Part the fourth: Short on content, short on time...

...but hey, I'm a short person.

I miss people, I think there needs to be a college equivalent to the GED, and I'm cranky.

Story:

Tuesday the 27th was our last morning in London. We packed up, stocked up on the Savoy's toiletries, and headed out to the Tate Modern. Since the day we left was the only day museums and stuff were open (silly Christmas), we all had to pick the one we wanted to go to. Lynn had already done many of the tourist sites and museums on an earlier trip this semester and so the Tate Modern topped her list of where she wanted to spend more time. This was fine by me (though I would have liked to see Shakespeare's Globe, I knew I'd be alone in that endeavor and we had to be on the train to Edinburgh by early afternoon) and I believe everyone in my family besides my father likes modern art best (as opposed to eleventy billion paintings of the exact same creepy looking Mary holding creepier looking baby Jesus) so Tate Modern it was.

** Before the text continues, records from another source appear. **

(* Let $d\ge2$ and assume that for all finite families $\mathcal{G}\subseteq\binom{\mathbb{N}}{d-1}$ one has $\mathrm{Inc}(\mathcal{C}(\mathcal{G}))\subseteq\mathcal{C}(\mathrm{Inc}(\mathcal{G}))$. Then: (i) for all $k\in\mathbb{N}$ and all finite families $\mathcal{G}\subseteq\binom{\mathbb{N}_{>k}}{d-1}$ one has $\mathrm{Inc}(\mathcal{C}_{>k}(\mathcal{G}))\subseteq\mathcal{C}_{>k}(\mathrm{Inc}(\mathcal{G}))$; (ii) for all finite families $\mathcal{F}\subseteq\binom{\mathbb{N}}{d}$ one has $\mathrm{Inc}(\mathcal{C}^{(l)}(\mathcal{F}))\subseteq\mathcal{C}^{(l)}(\mathrm{Inc}(\mathcal{F}))$ and $\mathrm{Inc}(\mathcal{C}^{(r)}(\mathcal{F}))\subseteq\mathcal{C}^{(r)}(\mathrm{Inc}(\mathcal{F}))$.
   Context: $\mathbb{N}=\{1,2,3,\dots\}$, $\mathbb{N}_{>k}=\{k+1,k+2,\dots\}$. $\binom{S}{d}$ is the set of $d$-element subsets of $S$; elements are written $\mathbf{u}=(u_1,\ldots,u_d)$ with $u_1<\cdots<u_d$, and $(k,\widehat{\mathbf{u}})$ denotes $\{k\}\cup\widehat{\mathbf{u}}$ (with $k<\min\widehat{\mathbf u}$), $(\widehat{\mathbf{u}},k)$ denotes $\widehat{\mathbf{u}}\cup\{k\}$ (with $\max\widehat{\mathbf u}<k$). Squashed order: $\mathbf{u}<\mathbf{v}$ iff the largest element of the symmetric difference of $\mathbf{u},\mathbf{v}$ belongs to $\mathbf{v}$. For finite $\mathcal{G}\subseteq\binom{\mathbb{N}}{e}$, $\mathcal{C}(\mathcal{G})$ is the set of the $|\mathcal{G}|$ smallest elements of $\binom{\mathbb{N}}{e}$; for finite $\mathcal{G}\subseteq\binom{\mathbb{N}_{>k}}{e}$, $\mathcal{C}_{>k}(\mathcal{G})$ is the set of the $|\mathcal{G}|$ smallest elements of $\binom{\mathbb{N}_{>k}}{e}$. $\mathrm{Inc}_1$ is the set of maps $\pi\colon\mathbb{N}\to\mathbb{N}$ with $\pi(j)<\pi(j+1)$ and $\pi(j)\le j+1$ for all $j$, acting by $\pi(\mathbf{u})=(\pi(u_1),\ldots,\pi(u_e))$; $\mathrm{Inc}(\mathcal{G})=\{\pi(\mathbf{u})\mid\mathbf{u}\in\mathcal{G},\pi\in\mathrm{Inc}_1\}$. For $\mathcal{F}\subseteq\binom{\mathbb{N}}{d}$ and $k\ge1$: $\widehat{\mathcal{F}}_{1,k}=\{\widehat{\mathbf{u}}\mid (k,\widehat{\mathbf{u}})\in\mathcal{F}\}\subseteq\binom{\mathbb{N}_{>k}}{d-1}$, $\widehat{\mathcal{F}}_{d,k}=\{\widehat{\mathbf{u}}\mid(\widehat{\mathbf{u}},k)\in\mathcal{F}\}$. Left partial compression: $\mathcal{C}^{(l)}(\mathcal{F})=\bigcup_{k\ge1}\{(k,\widehat{\mathbf{u}})\mid\widehat{\mathbf{u}}\in\mathcal{C}_{>k}(\widehat{\mathcal{F}}_{1,k})\}$; right partial compression: $\mathcal{C}^{(r)}(\mathcal{F})=\bigcup_{k\ge1}\{(\widehat{\mathbf{u}},k)\mid\widehat{\mathbf{u}}\in\mathcal{C}(\widehat{\mathcal{F}}_{d,k})\}$. *)

From mathcomp Require Import all_boot.
Set Implicit Arguments. Unset Strict Implicit. Unset Printing Implicit Defensive.

(* A finite subset of N = {1,2,3,...} is represented by the strictly
   increasing list of its elements (canonical representation, so list
   equality = set equality). *)
Definition setfam := seq nat -> Prop.

(* u is an element of binom(N_{>k}, e); binom(N, e) is the case k = 0. *)
Definition is_subset_gt (k e : nat) (u : seq nat) : bool :=
  [&& sorted ltn u, all (fun x => k < x) u & size u == e].

Definition fam_of (k e : nat) (G : setfam) : Prop :=
  forall u, G u -> is_subset_gt k e u.

Definition fam_finite (G : setfam) : Prop :=
  exists L : seq (seq nat), forall u, G u <-> u \in L.

Definition fam_sub (G H : setfam) : Prop := forall u, G u -> H u.

Definition symdiff (u v : seq nat) : seq nat :=
  [seq x <- u ++ v | (x \in u) (+) (x \in v)].

Definition colex_lt (u v : seq nat) : bool :=
  (symdiff u v != [::]) && ((\max_(x <- symdiff u v) x) \in v).

Fixpoint ksubs (s : seq nat) (e : nat) : seq (seq nat) :=
  match e with
  | 0 => [:: [::]]
  | e'.+1 =>
    match s with
    | [::] => [::]
    | x :: s' => [seq x :: t | t <- ksubs s' e'] ++ ksubs s' e
    end
  end.

(* rank of v among the e-subsets of N_{>k} in squashed order: the number of
   e-subsets w of N_{>k} with w < v.  Any such w has max w <= max v, so it
   suffices to enumerate the e-subsets of {k+1, ..., max v}. *)
Definition colex_rank (k e : nat) (v : seq nat) : nat :=
  count (fun w => colex_lt w v) (ksubs (iota k.+1 ((\max_(x <- v) x) - k)) e).

(* C_{>k}(G) for a finite G ⊆ binom(N_{>k}, e): the |G| smallest elements of
   binom(N_{>k}, e), i.e. those of rank < |G|.  C(G) is the case k = 0. *)
Definition Comp (k e : nat) (G : setfam) : setfam :=
  fun v => is_subset_gt k e v /\
    exists L : seq (seq nat),
      [/\ uniq L, (forall w, G w <-> w \in L) & colex_rank k e v < size L].

Definition inc1 (pi : nat -> nat) : Prop :=
  forall j, 0 < j -> [/\ 0 < pi j, pi j < pi j.+1 & pi j <= j.+1].

Definition Inc (G : setfam) : setfam :=
  fun w => exists u pi, [/\ G u, inc1 pi & w = map pi u].

Definition slice_l (F : setfam) (k : nat) : setfam := fun u => F (k :: u).
Definition slice_r (F : setfam) (k : nat) : setfam := fun u => F (rcons u k).

Definition Compl (d : nat) (F : setfam) : setfam :=
  fun w => exists k u, [/\ 0 < k, w = k :: u & Comp k d.-1 (slice_l F k) u].

Definition Compr (d : nat) (F : setfam) : setfam :=
  fun w => exists k u, [/\ 0 < k, w = rcons u k & Comp 0 d.-1 (slice_r F k) u].

From mathcomp Require Import all_boot zify.
From Stdlib Require Import Classical.

Set Implicit Arguments.
Unset Strict Implicit.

We walked, as we did most everywhere most of the trip, which was much more expected there than, say, Chicago, where the assumption would be that one would take public transportation anywhere more than 5 blocks away. On the way we stopped at a tiny bakery/sandwich shop place on a wharf on the Thames that looked like it was probably hoppin' during the summer but practically abandoned during the winter. My stomach was still off, so all I had was tea.

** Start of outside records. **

(* Let $2\le d\leq 4$ and let $\rho$ be a diagonal symmetric (DS) state acting on $\mathbb{C}^d\otimes\mathbb{C}^d$. Then $\rho$ is separable if and only if $\rho$ is PPT (i.e. $\rho^{T_B}\succeq 0$).
   Context: Let $\{\ket{0},\dots,\ket{d-1}\}$ be the computational basis of $\mathbb{C}^d$. Define $\ket{D_{ii}}=\ket{ii}$ and, for $i<j$, $\ket{D_{ij}}=(\ket{ij}+\ket{ji})/\sqrt{2}$. A state $\rho$ on $\mathbb{C}^d\otimes\mathbb{C}^d$ is diagonal symmetric (DS) if $\rho=\sum_{0\le i\le j<d}p_{ij}\ket{D_{ij}}\bra{D_{ij}}$ with $p_{ij}\ge 0$ and $\sum_{i\le j}p_{ij}=1$. A state is separable if it is a convex combination of product states $\rho^A\otimes\rho^B$. The partial transpose $\rho^{T_B}$ is taken with respect to the computational basis of the second factor. *)

From HB Require Import structures.
From mathcomp Require Import all_boot all_order all_algebra.
From mathcomp Require Import reals.
From mathcomp Require Import complex.
Set Implicit Arguments. Unset Strict Implicit. Unset Printing Implicit Defensive.
Import Order.TTheory GRing.Theory Num.Theory.
Local Open Scope ring_scope.

Section QDefs.
Variable R : realType.
Local Notation C := (R[i])%C.

Definition op (T : finType) := T -> T -> C.

Definition hermitian (T : finType) (A : op T) : Prop :=
  forall x y, A y x = (A x y)^*.

Definition psd (T : finType) (A : op T) : Prop :=
  hermitian A /\
  forall v : T -> C, 0 <= \sum_(x : T) \sum_(y : T) (v x)^* * A x y * v y.

Definition density (T : finType) (A : op T) : Prop :=
  psd A /\ \sum_(x : T) A x x = 1.

(* tensor product of operators on C^d and C^d, acting on C^d (x) C^d,
   the basis of which is indexed by pairs (i, j) ~ |ij> *)
Definition tens (d : nat) (A B : op 'I_d) : op ('I_d * 'I_d)%type :=
  fun x y => A x.1 y.1 * B x.2 y.2.

Definition ptransB (d : nat) (rho : op ('I_d * 'I_d)%type) : op ('I_d * 'I_d)%type :=
  fun x y => rho (x.1, y.2) (y.1, x.2).

Definition separable (d : nat) (rho : op ('I_d * 'I_d)%type) : Prop :=
  exists (n : nat) (w : 'I_n -> R) (A B : 'I_n -> op 'I_d),
    [/\ (forall k, 0 <= w k), \sum_(k < n) w k = 1,
        (forall k, density (A k) /\ density (B k)) &
        forall x y, rho x y = \sum_(k < n) (w k)%:C%C * tens (A k) (B k) x y].

Definition PPT (d : nat) (rho : op ('I_d * 'I_d)%type) : Prop :=
  psd (ptransB rho).

Definition Dvec (d : nat) (i j : 'I_d) : 'I_d * 'I_d -> C :=
  fun x => if i == j then (x == (i, i))%:R
           else ((x == (i, j))%:R + (x == (j, i))%:R) / sqrtC 2.

Definition proj (T : finType) (v : T -> C) : op T :=
  fun x y => v x * (v y)^*.

Definition DS (d : nat) (rho : op ('I_d * 'I_d)%type) : Prop :=
  exists p : 'I_d -> 'I_d -> R,
    [/\ (forall i j : 'I_d, (i <= j)%N -> 0 <= p i j),
        \sum_(i < d) \sum_(j < d | (i <= j)%N) p i j = 1 &
        forall x y, rho x y =
          \sum_(i < d) \sum_(j < d | (i <= j)%N) (p i j)%:C%C * proj (Dvec i j) x y].

End QDefs.

(* A DS state is determined by the symmetric entrywise nonnegative matrix M
   with M_ii = p_ii and M_ij = p_ij / 2, and on the span of the vectors |ss>
   its partial transpose acts as M; so a PPT DS state has M positive
   semidefinite, i.e. doubly nonnegative.  For d <= 4 every doubly nonnegative
   matrix is completely positive, M = sum_k a_k a_k^T with a_k >= 0: at a
   vertex whose support neighbourhood is a clique a nonnegative rank-one term
   can be split off, and when no such vertex exists the support graph is a
   4-cycle, which is factored explicitly.  Each a a^T then gives a separable
   DS state: averaging |psi><psi| (x) |psi><psi| over the 4^d phase choices
   psi = sum_t sqrt(a_t) i^(th_t) |t> cancels every entry not of the form
   <x|.|x> or <x|.|swap x>.  Conversely, partial transposes of product states
   are positive, so separable states are PPT. *)

From HB Require Import structures.
From mathcomp Require Import all_boot all_order all_algebra.
From mathcomp Require Import reals complex spectral.
From mathcomp Require Import ring.
Import Order.TTheory GRing.Theory Num.Theory.
Local Open Scope ring_scope.
Set Implicit Arguments. Unset Strict Implicit. Unset Printing Implicit Defensive.

Section QuadraticForms.
Variables (R : rcfType) (T : finType).
Implicit Types (M : T -> T -> R) (c : T -> R).

Definition qform M c := \sum_x \sum_y c x * M x y * c y.

Definition is_symmetric M := forall x y, M x y = M y x.
Definition is_nonneg M := forall x y, 0 <= M x y.
Definition is_psd M := forall c, 0 <= qform M c.
Definition is_dnn M := [/\ is_symmetric M, is_nonneg M & is_psd M].

Lemma sum_mul_delta (F : T -> R) i : \sum_y F y * (y == i)%:R = F i.
Proof.
rewrite (bigD1 i) //= eqxx mulr1 big1 ?addr0 // => y /negbTE ->; exact: mulr0.
Qed.

Lemma qform_delta M i : qform M (fun x => (x == i)%:R) = M i i.
Proof.
by rewrite /qform; under eq_bigr do rewrite sum_mul_delta mulrC; rewrite sum_mul_delta.
Qed.

Lemma qform_sub_rank1 M (a c : T -> R) :
  qform (fun x y => M x y - a x * a y) c = qform M c - (\sum_x a x * c x) ^+ 2.
Proof.
rewrite /qform expr2 mulr_suml -sumrB; apply: eq_bigr => x _.
rewrite mulr_sumr -sumrB; apply: eq_bigr => y _; ring.
Qed.

Section Psd.
Variable M : T -> T -> R.
Hypotheses (symM : is_symmetric M) (psdM : is_psd M).

Lemma qform_shift c i lam :
  qform M (fun x => c x + lam * (x == i)%:R) =
  qform M c + 2 * lam * (\sum_y M i y * c y) + lam ^+ 2 * M i i.
Proof.
rewrite /qform.
have E x y : (c x + lam * (x == i)%:R) * M x y * (c y + lam * (y == i)%:R) =
  c x * M x y * c y + (lam * (c x * M x y)) * (y == i)%:R
  + (lam * (M x y * c y) + lam ^+ 2 * M x y * (y == i)%:R) * (x == i)%:R.
  by ring.
under eq_bigr do under eq_bigr do rewrite E.
under eq_bigr do rewrite !big_split /= sum_mul_delta -mulr_suml.
rewrite !big_split /= sum_mul_delta big_split /= sum_mul_delta.
rewrite -mulr_sumr -[X in _ + (X + _)]mulr_sumr.
have -> : \sum_x c x * M x i = \sum_y M i y * c y.
  by apply: eq_bigr => y _; rewrite symM mulrC.
ring.
Qed.

Lemma psd_diag_ge0 i : 0 <= M i i.
Proof. by rewrite -qform_delta. Qed.

Lemma psd_schur_bound i c : 0 < M i i ->
  (\sum_y M i y * c y) ^+ 2 / M i i <= qform M c.
Proof.
move=> Mii_gt0; set S := \sum_y M i y * c y.
have := psdM (fun x => c x + (- (S / M i i)) * (x == i)%:R).
have -> : qform M (fun x => c x + (- (S / M i i)) * (x == i)%:R) =
          qform M c - S ^+ 2 / M i i.
  by rewrite qform_shift -/S; field; rewrite gt_eqF.
by rewrite subr_ge0.
Qed.

Lemma psd_row_eq0 i j : M i i = 0 -> M i j = 0.
Proof.
move=> Mii0; apply/eqP; apply: contraT => Mij_neq0.
pose lam := - ((M j j + 1) / (2 * M i j)).
have := psdM (fun x => (x == j)%:R + lam * (x == i)%:R).
rewrite qform_shift qform_delta Mii0 mulr0 addr0 sum_mul_delta.
have -> : M j j + 2 * lam * M i j = -1 by rewrite /lam; field.
by rewrite ler0N1.
Qed.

The first floor of the museum had a very large exhibit of piles of casts made from the insides of boxes. My sister had mentioned seeing this on her earlier visit and described it as looking like a bunch of sugar cubes. Now maybe I would have seen it this way without her suggestion, but as we wandered around that's all I could think of. They did look like sugar cubes. I very suddenly felt very shitty and my mom came with me as I ran to the bathroom and puked up my morning tea. I can now add the Tate Modern to the list of impressive places I've thrown up. Swell. But I felt better having puked and who knows when I'll ever make it back to London, so on we went into the rest of the museum.

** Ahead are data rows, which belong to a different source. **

Lemma poly_higher_derivs a b n : forall p l, is_poly n p l ->
  exists D : nat -> R -> R,
    D O = p /\ higher_derivs a b n D /\ forall x, D n x = INR (fact n) * l.
Proof.
  induction n as [|n IHn]; intros p l [c [H1 H2]].
  - exists (fun _ => p). split; [auto|split; [intros i Hi; lia|]].
    intros x. rewrite H2. unfold poly_eval. simpl. rewrite H1. ring.
  - destruct (IHn (poly_eval n (fun j => c (S j) * INR (S j))) (l * INR (S n)))
      as [D' [E0 [Ed En]]]; [exists (fun j => c (S j) * INR (S j)); rewrite H1; auto|].
    exists (fun i => match i with O => p | S i' => D' i' end). split; [auto|split].
    + intros [|i] Hi x Hx; [|apply Ed; auto; lia].
      rewrite E0. apply deriv_within_of_derivable.
      apply (derivable_pt_lim_ext (poly_eval (S n) c)); [intros; rewrite H2; auto|].
      apply poly_eval_deriv.
    + intros x. rewrite En, fact_simpl, mult_INR. ring.
Qed.

Lemma poly_sum_eq u v k q :
  (forall m, (1 <= m)%nat -> (m < k)%nat -> psum u k m = psum v k m) ->
  is_poly k q 0 -> rsum k (fun i => q (u i)) = rsum k (fun i => q (v i)).
Proof.
  intros Hp [c [H1 H2]].
  assert (E : forall w, rsum k (fun i => q (w i)) = rsum k (fun j => c j * psum w k j)).
  { intros w. rewrite (rsum_ext k _ (fun i => rsum k (fun j => c j * w i ^ j))).
    - rewrite rsum_swap. apply rsum_ext. intros j _. unfold psum. rewrite <- rsum_scal.
      reflexivity.
    - intros i _. rewrite H2. unfold poly_eval. rewrite rsum_S, H1. ring. }
  rewrite !E. apply rsum_ext. intros [|j] Hj; [reflexivity|]. rewrite Hp by lia. reflexivity.
Qed.

(** Lagrange interpolation at [n] distinct nodes by a polynomial of degree [< n],
    built Newton-style one node at a time. *)
Lemma interpolation (w : nat -> R) (f : R -> R) n :
  (forall i j, (i < n)%nat -> (j < n)%nat -> i <> j -> w i <> w j) ->
  exists q, is_poly n q 0 /\ forall i, (i < n)%nat -> q (w i) = f (w i).
Proof.
  induction n as [|n IHn]; intros Hd.
  { exists (fun _ => 0). split; [apply is_poly_const|intros; lia]. }
  destruct IHn as [q' [Hq' Hi']]; [intros i j Hi Hj Hij; apply Hd; auto; lia|].
  assert (Hnz : node_poly w n (w n) <> 0) by (apply node_poly_neq0; intros i Hi; apply Hd; lia).
  set (al := (f (w n) - q' (w n)) / node_poly w n (w n)).
  exists (fun x => q' x + al * node_poly w n x). split.
  - eapply is_poly_raise, is_poly_comb; [exact Hq'|apply node_poly_is_poly].
  - intros i Hi. destruct (Nat.eq_dec i n) as [->|Hne].
    + unfold al. field. auto.
    + rewrite node_poly_root, Hi' by lia. ring.
Qed.

Lemma NoDup_nodes (w : nat -> R) k :
  (forall i j, (i < k)%nat -> (j < k)%nat -> i <> j -> w i <> w j) -> NoDup (map w (seq 0 k)).
Proof.
  intros Hd. apply NoDup_map_NoDup_ForallPairs; [|apply seq_NoDup].
  intros i j Hi Hj E. apply in_seq in Hi, Hj.
  destruct (Nat.eq_dec i j); auto. exfalso. apply (Hd i j); auto; lia.
Qed.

The collection was pretty impressive. If you have any interest at all, I recommend looking at the Tate's online thingy. It's shows most of the art categorized the same way it's up at the museum. I didn't actually make it through the Nude/Action/Body wing (stupid time constraints) but the rest is pretty much as I saw it. Reality is much better, but this will have to do.
I do want to specifically mention, however, that Francis Bacon creeps me out, I like pretty much anything Jackson Pollock touched, and Salvador Dali is still my hero. My favorite piece in the whole museum was a Dali sculpture, appropriately titled Lobster Telephone.
The picture doesn't do it justice, as it is actually an object and not a painting, probably just a telephone Dali had around his house with a fake lobster resting on the handle. That man certainly had a sense of humor. I managed to split off from my family to wander the museum (Mark and Lynn walked together and my parents were both together and apart at different points) which was a very good thing because I hate looking at art with my mother. She's very funny, but she tends to go through the room and say "that one's just ugly," "I could have painted that," and "that looks like a _____" to half the pieces in the exhibit. I prefer being a quiet little sponge when I go through and saving my snide and sarcastic comments for after I've digested everything. Personal preference, really.
We ended up taking a cab back to the hotel to save time. My dad asked us if we thought we should ask the cab driver to stick around and take us to the train station, since we would likely need two cabs anyway. We said we didn't know how long it would take to get our luggage out of the hotel's storage, wanted to go to the bathroom, didn't want to rush, and thought the cab driver would keep us on the meter, making it cost more. Plus, there were always cabs at the hotel so it's not like we wouldn't be able to find one. Three minutes later my dad started to ask the cab driver to stick around. We all jumped at him (verbally, though we would have liked to physically...) and he stopped and changed his question to the driver. My dad does that a lot: ask our opinion on something and then go ahead and do whatever he was thinking in the first place. Lucky for him we are all hyper-critical of him and yell at him whenever he does this, but he usually does it anyway. He was better this time.